DUBAI (AFP) – The lightning takeover by Shiite rebels of Yemen’s capital this week is a potential boost for Iran against its rival Saudi Arabia, while the US is preoccupied with fighting militants, analysts said.
It is still unclear what the links are between the Ansarullah, or Huthi, rebels and Shiite-ruled Iran, but Tehran will no doubt be pleased by a move that offers the prospect of expanding its influence on the Arabian Peninsula.
The capital Sanaa lies in the Shiite-majority northern highlands, but the rest of Yemen is overwhelmingly Sunni and virulently anti-Shiite al-Qaeda militants have a strong presence in the south and east.
And a complicating factor could be former president Ali Abdullah Saleh, forced from power after 33 years of iron-fisted rule by a 2011 uprising but still a key powerbroker.
Saleh, who is himself Shiite, is widely believed to have played a role in the rebels’ takeover of Sanaa through his tribal and security force allies, and it is still unclear what he may expect in return.
As it stands, rebel leader Abdelmalek al-Huthi has taken advantage of growing poverty, a rejection of the traditional tribal elites and the collapse of state institutions to impose himself as a force to be reckoned with in the capital.

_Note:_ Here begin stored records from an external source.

Section RealMatrices.
Variables (R : realFieldType) (n : nat).
Implicit Types (M N P T : 'M[R]_n) (X : 'cV[R]_n).

Lemma orthogonal_invmx N : N^T *m N = 1%:M -> invmx N = N^T.
Proof.
move=> NtN; have [_ N_unit] := mulmx1_unit NtN.
by rewrite -[invmx N]mul1mx -NtN -mulmxA mulmxV // mulmx1.
Qed.

Lemma orthogonal_mul M N : M^T *m M = 1%:M -> N^T *m N = 1%:M ->
  (M *m N)^T *m (M *m N) = 1%:M.
Proof. by move=> MtM NtN; rewrite trmx_mul mulmxA -(mulmxA N^T) MtM mulmx1. Qed.

Lemma skew_quadratic_form0 T X : T^T = - T -> X^T *m T *m X = 0.
Proof.
move=> T_skew; set q := X^T *m T *m X.
have q_skew : q^T = - q by rewrite /q !trmx_mul trmxK T_skew mulNmx mulmxN mulmxA.
have q_sym : q^T = q by apply/matrixP => i j; rewrite !ord1 mxE.
have : 2%:R *: q = 0 by rewrite scaler_nat mulr2n -{1}q_sym q_skew addNr.
by move/eqP; rewrite scaler_eq0 pnatr_eq0 => /eqP.
Qed.

Lemma cV_norm_gt0 X : X != 0 -> 0 < (X^T *m X) 0 0.
Proof.
move=> X_neq0; have sq_ge0 j : 0 <= X j 0 ^+ 2 := sqr_ge0 _.
have -> : (X^T *m X) 0 0 = \sum_j X j 0 ^+ 2.
  by rewrite mxE; apply: eq_bigr => j _; rewrite mxE expr2.
rewrite lt0r sumr_ge0 // andbT; apply: contra X_neq0 => /eqP/psumr_eq0P sum0.
apply/eqP/matrixP => i j; rewrite ord1 mxE.
by apply/eqP; rewrite -sqrf_eq0 sum0.
Qed.

Lemma involution_eqN1 P : P *m P = 1%:M -> 1%:M - P \in unitmx -> P = - 1%:M.
Proof.
move=> PP unit_1P; apply/eqP; rewrite -addr_eq0 addrC.
have sq0 : (1%:M - P) *m (1%:M + P) = 0.
  by rewrite mulmxBl !mulmxDr !mul1mx mulmx1 PP [P + _]addrC subrr.
by rewrite -(mulKmx unit_1P (1%:M + P)) sq0 mulmx0.
Qed.

End RealMatrices.

Section LinearCombinations.
Variables (R : realFieldType) (m n : nat).
Implicit Types (B E : 'I_m -> 'M[R]_n) (a b : 'I_m -> R).

Definition lincomb B a : 'M[R]_n := \sum_(i < m) a i *: B i.

Definition dotc a b : R := \sum_(i < m) a i * b i.

Lemma lincomb0 B : lincomb B (fun=> 0) = 0.
Proof. by rewrite /lincomb big1 // => i _; rewrite scale0r. Qed.

Lemma lincombN B a : - lincomb B a = lincomb B (fun i => - a i).
Proof. by rewrite /lincomb -sumrN; apply: eq_bigr => i _; rewrite scaleNr. Qed.

Lemma lincombZ B c a : c *: lincomb B a = lincomb B (fun i => c * a i).
Proof. by rewrite /lincomb scaler_sumr; apply: eq_bigr => i _; rewrite scalerA. Qed.

Lemma lincombD B a b : lincomb B a + lincomb B b = lincomb B (fun i => a i + b i).
Proof. by rewrite /lincomb -big_split; apply: eq_bigr => i _; rewrite scalerDl. Qed.

Lemma lincomb_tr B a : (lincomb B a)^T = lincomb (fun i => (B i)^T) a.
Proof. by rewrite /lincomb raddf_sum; apply: eq_bigr => i _; exact: linearZ. Qed.

Lemma conj_lincomb (P Q : 'M[R]_n) B a :
  P *m lincomb B a *m Q = lincomb (fun i => P *m B i *m Q) a.
Proof.
rewrite /lincomb mulmx_sumr mulmx_suml; apply: eq_bigr => i _.
by rewrite -scalemxAr -scalemxAl.
Qed.

Lemma anticomm_lincomb (K : 'M[R]_n) B a :
  (forall i, K *m B i = - (B i *m K)) -> K *m lincomb B a = - (lincomb B a *m K).
Proof.
move=> K_anti; rewrite /lincomb mulmx_sumr mulmx_suml -sumrN.
by apply: eq_bigr => i _; rewrite -scalemxAr -scalemxAl K_anti scalerN.
Qed.

Lemma lincomb_delta B i : lincomb B (fun j => (j == i)%:R) = B i.
Proof.
rewrite /lincomb (bigD1 i) //= eqxx scale1r big1 ?addr0 // => j /negbTE ->.
by rewrite scale0r.
Qed.

Lemma dotc_ge0 a : 0 <= dotc a a.
Proof. by apply: sumr_ge0 => i _; rewrite -expr2 sqr_ge0. Qed.
(* Let $(\Omega,\mathcal A)$ be a Borel space, $(\Omega,X_\bullet)$ a Borel field of proper metric spaces, and $(F^n_\bullet)_{n\ge1}$ a sequence of Borel subfields such that each $F^n_\omega$ is closed. Then the subfield $\bigcap_n F^n_\bullet$, defined by $\omega\mapsto\bigcap_{n\ge1}F^n_\omega$, is a Borel subfield.
   Context: Borel field of metric spaces: $(X_\omega,d_\omega)_{\omega\in\Omega}$ metric spaces; a section is $x_\bullet=(x_\omega)$, $x_\omega\in X_\omega$. A Borel structure is a set $\mathcal L(\Omega,X_\bullet)$ of sections such that (a) $\omega\mapsto d_\omega(x_\omega,y_\omega)$ is Borel for all $x_\bullet,y_\bullet\in\mathcal L$; (b) any section $y_\bullet$ with $\omega\mapsto d_\omega(x_\omega,y_\omega)$ Borel for all $x_\bullet\in\mathcal L$ lies in $\mathcal L$; (c) there is a countable $\mathcal D=\{x^n_\bullet\}\subseteq\mathcal L$ (fundamental family) with $\{x^n_\omega\}_n$ dense in $X_\omega$ for all $\omega$. For Borel $\Omega'$, $\mathcal L(\Omega',X_\bullet)$ = restrictions to $\Omega'$ of Borel sections. A subfield is $A_\bullet=(A_\omega)$ with $A_\omega\subseteq X_\omega$ (possibly empty); it is Borel if $\Omega'=\{\omega:A_\omega\ne\emptyset\}\in\mathcal A$ and there are countably many $y^n_\bullet\in\mathcal L(\Omega',X_\bullet)$ with $y^n_\omega\in A_\omega$ and $A_\omega\subseteq\overline{\{y^n_\omega\}_n}$ for all $\omega\in\Omega'$. Proper: closed balls are compact. *)

From Stdlib Require Import Reals List.
Open Scope R_scope.

Definition set (T : Type) := T -> Prop.

Record sigma_algebra {T : Type} (A : set T -> Prop) : Prop := {
  sa_full  : A (fun _ => True);
  sa_compl : forall S, A S -> A (fun x => ~ S x);
  sa_union : forall S : nat -> set T, (forall n, A (S n)) -> A (fun x => exists n, S n x)
}.

Definition openR (U : set R) : Prop :=
  forall x, U x -> exists eps, 0 < eps /\ forall y, Rabs (y - x) < eps -> U y.

Definition borelR (B : set R) : Prop :=
  forall A : set R -> Prop, sigma_algebra A -> (forall U, openR U -> A U) -> A B.

Definition borel_fun {Omega : Type} (A : set Omega -> Prop) (f : Omega -> R) : Prop :=
  forall B, borelR B -> A (fun w => B (f w)).

Record is_metric {T : Type} (d : T -> T -> R) : Prop := {
  met_zero : forall x y, d x y = 0 <-> x = y;
  met_sym  : forall x y, d x y = d y x;
  met_tri  : forall x y z, d x z <= d x y + d y z
}.

Definition m_open {T : Type} (d : T -> T -> R) (U : set T) : Prop :=
  forall x, U x -> exists eps, 0 < eps /\ forall y, d x y < eps -> U y.

Definition m_compact {T : Type} (d : T -> T -> R) (K : set T) : Prop :=
  forall (I : Type) (U : I -> set T),
    (forall i, m_open d (U i)) ->
    (forall x, K x -> exists i, U i x) ->
    exists l : list I, forall x, K x -> exists i, In i l /\ U i x.

Definition closed_ball {T : Type} (d : T -> T -> R) (x : T) (r : R) : set T :=
  fun y => d x y <= r.

Definition proper_metric {T : Type} (d : T -> T -> R) : Prop :=
  forall x r, m_compact d (closed_ball d x r).

Definition m_closure {T : Type} (d : T -> T -> R) (S : set T) : set T :=
  fun x => forall eps, 0 < eps -> exists y, S y /\ d x y < eps.

Definition m_closed {T : Type} (d : T -> T -> R) (S : set T) : Prop :=
  forall x, m_closure d S x -> S x.

Record borel_field {Omega : Type} (A : set Omega -> Prop) (X : Omega -> Type)
    (d : forall w, X w -> X w -> R) (L : (forall w, X w) -> Prop) : Prop := {
  bf_metric : forall w, is_metric (d w);
  bf_a : forall x y, L x -> L y -> borel_fun A (fun w => d w (x w) (y w));
  bf_b : forall y : (forall w, X w),
           (forall x, L x -> borel_fun A (fun w => d w (x w) (y w))) -> L y;
  bf_c : exists D : nat -> (forall w, X w),
           (forall n, L (D n)) /\
           forall w (x : X w), m_closure (d w) (fun z => exists n, z = D n w) x
}.

(** Borel subfields. Sections in L(Omega', X) are restrictions to Omega' of
    sections in L, so we quantify over sections in L and only use their values
    on Omega'. *)
Definition borel_subfield {Omega : Type} (A : set Omega -> Prop) (X : Omega -> Type)
    (d : forall w, X w -> X w -> R) (L : (forall w, X w) -> Prop)
    (F : forall w, set (X w)) : Prop :=
  A (fun w => exists x, F w x) /\
  exists y : nat -> (forall w, X w),
    (forall n, L (y n)) /\
    forall w, (exists x, F w x) ->
      (forall n, F w (y n w)) /\
      (forall x, F w x -> m_closure (d w) (fun z => exists n, z = y n w) x).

Ibrahim Sharqieh, an analyst at Brookings Doha, said there is “no hard evidence to confirm official Iranian backing though the issue is very clear that the Huthis receive significant support from Iran”.
Saleh’s successor, Abdrabuh Mansur Hadi, a Sunni originally from the south, is adamant there are “foreign plots” aimed at torpedoing progress in Yemen. “Internal and foreign forces (have) allied to overthrow the Yemeni model” of political transition after the uprising of 2011, the president said.
His claims were backed by reports that Yemen freed this week two Iranians said to be members of Iran’s elite Revolutionary Guards who were accused of having trained the Shiite rebels. Analyst Sharqieh said, “the Americans have chosen to accommodate Iran’s expansion of influence in Yemen for two reasons”.
The first is “a lack of strategy on how to resist this increasing influence,” coupled with Washington “sticking to its traditional security-focused approach of prioritising counterterrorism over any aspect of its relations with the Middle East.”
Washington regards al-Qaeda’s Yemen-based affiliate as its most dangerous and has been waging a drone war against its leaders for years, with the backing of first Saleh and more recently Hadi.
Sharqieh said the Huthis and Iran are “staunch adversaries” of al-Qaeda in the Arabian Peninsula, “so the arrival of Huthis to power, though they raise a slogan of ‘death to America,’ is still (more) favourable to the US than an increasing influence of al-Qaeda”. And he added that US Secretary of State John Kerry’s statement about a role for Iran in the fight against terrorism “is an indicator of where (President Barack) Obama’s first priority is”.
Neil Partrick, a Gulf analyst at the Royal United Services Institute for Defence and Security Studies, said the Huthis “are more likely to be seen in Iran as one of several ways of pressuring Saudi Arabia and of suggesting regional leverage.”
Meanwhile, looming over the scene is the figure of 72-year-old Saleh. “It is widely believed that his alliance with the Huthis was a key for their successful move,” Sharqieh said.